Serge Vigoureux, BCB Leader Management Information & Systems, TriFinance

From automation to forecasting: AI in finance software

What is currently happening in Finance? Everyone is exploring AI, but few participants shared concrete use cases. Most finance software now includes AI features—from low-code automation and basic analysis to predictive models in budgeting tools.

Participants agreed: AI already offers a useful foundation, but still needs manual intervention and human oversight.It cannot yet act as a fully autonomous assistant. In the near future, AI will increase complexity and demand more expertise from Finance professionals.

Finance professionals will need to reconcile and interpret data produced by AI. This requires understanding of the underlying algorithms and statistical models, which is a significant challenge.
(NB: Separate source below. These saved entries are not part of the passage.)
Lemma Dpt_pshift psi theta i j y1 y2 : ~~ (p %| y1)%N -> ~~ (p %| y2)%N ->
  Dpt (pshift i (j - i) psi) (pshift j (i - j) theta) y1 y2 =
  Dpt psi theta (p ^ i * y1)%N (p ^ j * y2)%N.
Proof.
move=> pNy1 pNy2; rewrite /Dpt /pshift (negbTE pNy1) (negbTE pNy2) gcdn_pfactor_mul //.
set P : R := (p ^ minn i j)%:R.
have P_neq0 : P != 0 by rewrite pnatr_eq0 -lt0n pfactor_gt0.
have pow_split k l : minn i j = minn k l -> (p ^ k)%:R = P * (p ^ (k - l))%:R :> R.
  by move=> min_eq; rewrite -natrM -expnD min_eq; congr (_ ^ _)%:R; lia.
rewrite !natrM (pow_split i j) // (pow_split j i (minnC i j)) -!mulrA.
rewrite ![(p ^ (_ - _))%:R * (_ * _)]mulrCA -maxr_pMr ?ler0n //.
by rewrite invfM mulrACA mulfV // mul1r.
Qed.

Lemma omega_t_pfactor_mul t i j y1 y2 : ~~ (p %| y1)%N -> ~~ (p %| y2)%N ->
  (omega_t (R:=R) t (p ^ i * y1) (p ^ j * y2) <= omega_t (R:=R) t y1 y2 + (i != j))%N.
Proof.
move=> pNy1 pNy2; rewrite /omega_t mul_divn_gcdn_sqr_pfactor //.
have -> : (i != j) = ((i - j) + (j - i) != 0)%N by apply/idP/idP; lia.
exact: size_filter_primes_pfactor_mul.
Qed.

Lemma pweight_ge0 f i e : admissible_fun f -> 0 <= pweight f i e.
Proof. by move=> [f_ge0 _]; rewrite divr_ge0 ?mulr_ge0 ?ler0n ?f_ge0. Qed.

Lemma pweight_le f i e : admissible_fun f -> pweight f i e <= ((p ^ e)%:R)^-1.
Proof.
move=> f_adm; rewrite /pweight invfM mulrA ler_piMl ?invr_ge0 ?ler0n //.
by rewrite ler_pdivrMr ?ltr0n ?pfactor_gt0 // mul1r admissible_fun_le.
Qed.

End PShift.

Lemma powR_split (R : realType) (c a : R) : 0 <= c -> c `^ (1 - a) * c `^ a = c.
Proof. by move=> c_ge0; rewrite -powRD ?subrK ?powRr1 // oner_eq0. Qed.

Lemma ratio_le_powR (R : realType) (A L a P P' ip c X N N' M M' ex e1 : R) :
  A `^ P * L * (N * ex) `^ a < M ->
  M' <= A `^ P' * L * (N' * (ex * e1)) `^ a ->
  1 <= A -> 0 < L -> 0 <= a -> 0 < N -> 0 <= N' -> 0 < ex -> 0 <= e1 -> 0 <= c ->
  c `^ (1 - a) <= X -> P' + ip <= P ->
  c * M' / M <= A `^ (- ip) * X * (c * N' / N * e1) `^ a.
Proof.
move=> M_gt M'_le A_ge1 L_gt0 a_ge0 N_gt0 N'_ge0 ex_gt0 e1_ge0 c_ge0 cX PP'.
have A_gt0 : 0 < A by apply: lt_le_trans A_ge1.
set D := A `^ P * L * (N * ex) `^ a.
have D_gt0 : 0 < D by rewrite !mulr_gt0 ?powR_gt0 ?mulr_gt0.
have M_gt0 : 0 < M by apply: lt_trans M_gt.
set Y := A `^ (- ip) * X * _.
have Y_ge0 : 0 <= Y by rewrite !mulr_ge0 ?powR_ge0 // (le_trans _ cX) ?powR_ge0.
rewrite ler_pdivrMr //; apply: le_trans (ler_wpM2l Y_ge0 (ltW M_gt)).
have cN_ge0 : 0 <= c * N' / N * e1 by rewrite !mulr_ge0 // invr_ge0 ltW.
have DY : Y * D = A `^ (P - ip) * L * X * (c `^ a * (N' * (ex * e1)) `^ a).
  have -> : Y * D = A `^ (- ip) * A `^ P * L * X * ((c * N' / N * e1) `^ a * (N * ex) `^ a).
    by rewrite /Y /D; ring.
  have Nex_ge0 : 0 <= N * ex by rewrite mulr_ge0 // ltW.
  have Z_ge0 : 0 <= N' * (ex * e1) by rewrite !mulr_ge0 // ltW.
  rewrite -powRD ?(gt_eqF A_gt0) ?implybT // addrC -(powRM _ cN_ge0 Nex_ge0).
  rewrite -(powRM _ c_ge0 Z_ge0).
  by congr (_ * _ `^ a); field; rewrite gt_eqF.
rewrite DY -{1}(powR_split a c_ge0).
have AP : A `^ P' <= A `^ (P - ip) by apply: ler_powR; rewrite // lerBrDr.
apply: (le_trans (ler_wpM2l _ M'_le)); first by rewrite mulr_ge0 ?powR_ge0.
rewrite [leRHS](_ : _ = X * c `^ a * (A `^ (P - ip) * L * (N' * (ex * e1)) `^ a)); last by ring.
apply: ler_pM; rewrite ?mulr_ge0 ?powR_ge0 ?(ltW L_gt0) //.
  by rewrite ler_wpM2r ?powR_ge0.
by rewrite ler_wpM2r ?powR_ge0 // ler_wpM2r ?(ltW L_gt0).
Qed.
Lemma DWt_C_Cp : DWt (mmul C (minv Cp)) = mmul (mmul (minv Fp) (DWt Ce)) Fp.
Proof.
  assert (Hsim : mmul (mmul (mtr (minv Fp)) (mmul C (minv Cp))) (mtr Fp) = Ce).
  { rewrite minv_Cp, !mmul_assoc, <- (mtr_mmul Fp (minv Fp)), (minv_r Fp nFp), mtr_mId, mmul_1r.
    rewrite (mtr_mmul F), !mmul_assoc. reflexivity. }
  assert (HA : mmul (mtr Fp) (mtr (minv Fp)) = mId)
    by (rewrite <- mtr_mmul, (minv_l Fp nFp); apply mtr_mId).
  pose proof (is_gradient_similar _ (DWt Ce) _ _ (mmul C (minv Cp)) (Wt_of_cyclic_invariant Psi) HA) as Hg.
  rewrite Hsim, !mtr_mtr in Hg.
  apply (is_gradient_unique (Wt_of Psi) _ _ (mmul C (minv Cp))); [|exact (Hg is_gradient_Wt_Ce)].
  apply HDWt, (octant_similar _ _ _ HA). rewrite Hsim. apply octant_gram. pose proof det_Fe_pos; lra.
Qed.

Lemma mmul_C_DWt : mmul C (DWt (mmul C (minv Cp))) = mmul (mmul (mtr Fp) (mmul Ce (DWt Ce))) Fp.
Proof.
  rewrite DWt_C_Cp, <- (mmul_assoc C), <- (mmul_assoc C), mmul_C_minv_Fp, (mmul_assoc (mtr Fp) Ce).
  reflexivity.
Qed.

Lemma Sigma_e_eq : mmul (mtr Fe) (DW Fe) = mscal 2 (mmul Ce (DWt Ce)).
Proof. rewrite DW_Fe, mmul_mscalr, <- mmul_assoc. reflexivity. Qed.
A concrete example shared involved using AI in forecasting. One result: sales forecasts generated by AI were more accurate than those produced by the sales team.

Data accuracy: master data quality as a key obstacle to AI

One of the biggest challenges in using AI in Finance remains master data quality. In many organizations, data is incomplete, fragmented, or of insufficient quality for automated decision-making. Datasets are often scattered across departments and not consolidated enough to support reliable statistical analysis.

This is risky: using AI on low-quality data only increases confusion. As a result, Finance teams still spend too much time collecting data instead of analyzing it. This deadlock must be broken.

Automating repetitive tasks through AI makes the Finance function more attractive and meaningful. It frees up time for strategic and value-added work, helping employees remain motivated and engaged, and more likely to stay longer within the organization.